→ Work to be completed: Only lines with the string "weakly" should be returned from the data below.

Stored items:
++++++++

(* Let $C\subseteq H$ be nonempty, closed and convex, take $B=N_C$ in Algorithm 3.1, and suppose Assumption 3.1 holds, with $p_n\ge0$, $\mu_n\ge 0$ and $\sum_n p_n<\infty$. Let $\{w_n\},\{y_n\}$ be generated by Algorithm 3.1. If $\lim_{n\to\infty}\|w_n-y_n\|=0$ and $\{w_n\}$ converges weakly to some $z\in H$, then $z\in S$.
   Context: Let $H$ be a real Hilbert space, $A:H\to H$ a single-valued mapping and $B:H\to 2^H$ a set-valued mapping, and let $\Omega:=(A+B)^{-1}(0)=\{x\in H:\ 0\in Ax+Bx\}$. Algorithm 3.1 is the following iteration. Fix $x_0,x_1\in H$, $\mu\in(0,1)$, $\lambda_1>0$, real sequences $\{\alpha_n\},\{\beta_n\},\{\theta_n\}$ and nonnegative real sequences $\{\mu_n\},\{p_n\}$. For $n=1,2,\dots$ compute $w_n=x_n+\alpha_n(x_n-x_{n-1})$, $z_n=x_n+\beta_n(x_n-x_{n-1})$, $y_n=(I+\lambda_nB)^{-1}(I-\lambda_nA)w_n$, and set $\lambda_{n+1}=\min\{(\mu_n+\mu)\|w_n-y_n\|/\|Aw_n-Ay_n\|,\ \lambda_n+p_n\}$ if $Aw_n\neq Ay_n$, and $\lambda_{n+1}=\lambda_n+p_n$ otherwise. If $w_n=y_n$ the algorithm stops (then $y_n\in\Omega$). Otherwise set $x_{n+1}=(1-\theta_n)z_n+\theta_n\big(y_n-\lambda_n(Ay_n-Aw_n)\big)$ and continue. Here $I$ is the identity and $(I+\lambda B)^{-1}$ is the resolvent of $B$. Throughout, it is assumed that the algorithm does not stop, so that infinite sequences $\{x_n\},\{w_n\},\{z_n\},\{y_n\},\{\lambda_n\}$ are generated. $N_C(x)=\{z\in H:\langle z,y-x\rangle\le0\ \forall y\in C\}$ for $x\in C$ and $N_C(x)=\emptyset$ otherwise is the normal cone; $P_C$ is the metric projection onto $C$, and $(I+\lambda N_C)^{-1}=P_C$. $S$ denotes the solution set of the variational inequality VI$(A,C)$: find $x^*\in C$ with $\langle Ax^*,y-x^*\rangle\ge0$ for all $y\in C$. Assumption 3.1: (i) $S\neq\emptyset$; (ii) $A$ is pseudomonotone (i.e. $\langle Ax,y-x\rangle\ge0$ implies $\langle Ay,y-x\rangle\ge0$) and Lipschitz continuous on $H$, and whenever $x_n\rightharpoonup w^*$ weakly in $H$, one has $\|Aw^*\|\le\liminf_{n\to\infty}\|Ax_n\|$. *)

From HB Require Import structures.
From mathcomp Require Import all_boot all_order all_algebra.
From mathcomp Require Import all_classical all_reals all_analysis.
Set Implicit Arguments. Unset Strict Implicit. Unset Printing Implicit Defensive.
Import Order.TTheory GRing.Theory Num.Theory.
Import numFieldNormedType.Exports.
Local Open Scope classical_set_scope.
Local Open Scope ring_scope.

++++++++

→ Output of the exercise:
(* Let $C\subseteq H$ be nonempty, closed and convex, take $B=N_C$ in Algorithm 3.1, and suppose Assumption 3.1 holds, with $p_n\ge0$, $\mu_n\ge 0$ and $\sum_n p_n<\infty$. Let $\{w_n\},\{y_n\}$ be generated by Algorithm 3.1. If $\lim_{n\to\infty}\|w_n-y_n\|=0$ and $\{w_n\}$ converges weakly to some $z\in H$, then $z\in S$.
   Context: Let $H$ be a real Hilbert space, $A:H\to H$ a single-valued mapping and $B:H\to 2^H$ a set-valued mapping, and let $\Omega:=(A+B)^{-1}(0)=\{x\in H:\ 0\in Ax+Bx\}$. Algorithm 3.1 is the following iteration. Fix $x_0,x_1\in H$, $\mu\in(0,1)$, $\lambda_1>0$, real sequences $\{\alpha_n\},\{\beta_n\},\{\theta_n\}$ and nonnegative real sequences $\{\mu_n\},\{p_n\}$. For $n=1,2,\dots$ compute $w_n=x_n+\alpha_n(x_n-x_{n-1})$, $z_n=x_n+\beta_n(x_n-x_{n-1})$, $y_n=(I+\lambda_nB)^{-1}(I-\lambda_nA)w_n$, and set $\lambda_{n+1}=\min\{(\mu_n+\mu)\|w_n-y_n\|/\|Aw_n-Ay_n\|,\ \lambda_n+p_n\}$ if $Aw_n\neq Ay_n$, and $\lambda_{n+1}=\lambda_n+p_n$ otherwise. If $w_n=y_n$ the algorithm stops (then $y_n\in\Omega$). Otherwise set $x_{n+1}=(1-\theta_n)z_n+\theta_n\big(y_n-\lambda_n(Ay_n-Aw_n)\big)$ and continue. Here $I$ is the identity and $(I+\lambda B)^{-1}$ is the resolvent of $B$. Throughout, it is assumed that the algorithm does not stop, so that infinite sequences $\{x_n\},\{w_n\},\{z_n\},\{y_n\},\{\lambda_n\}$ are generated. $N_C(x)=\{z\in H:\langle z,y-x\rangle\le0\ \forall y\in C\}$ for $x\in C$ and $N_C(x)=\emptyset$ otherwise is the normal cone; $P_C$ is the metric projection onto $C$, and $(I+\lambda N_C)^{-1}=P_C$. $S$ denotes the solution set of the variational inequality VI$(A,C)$: find $x^*\in C$ with $\langle Ax^*,y-x^*\rangle\ge0$ for all $y\in C$. Assumption 3.1: (i) $S\neq\emptyset$; (ii) $A$ is pseudomonotone (i.e. $\langle Ax,y-x\rangle\ge0$ implies $\langle Ay,y-x\rangle\ge0$) and Lipschitz continuous on $H$, and whenever $x_n\rightharpoonup w^*$ weakly in $H$, one has $\|Aw^*\|\le\liminf_{n\to\infty}\|Ax_n\|$. *)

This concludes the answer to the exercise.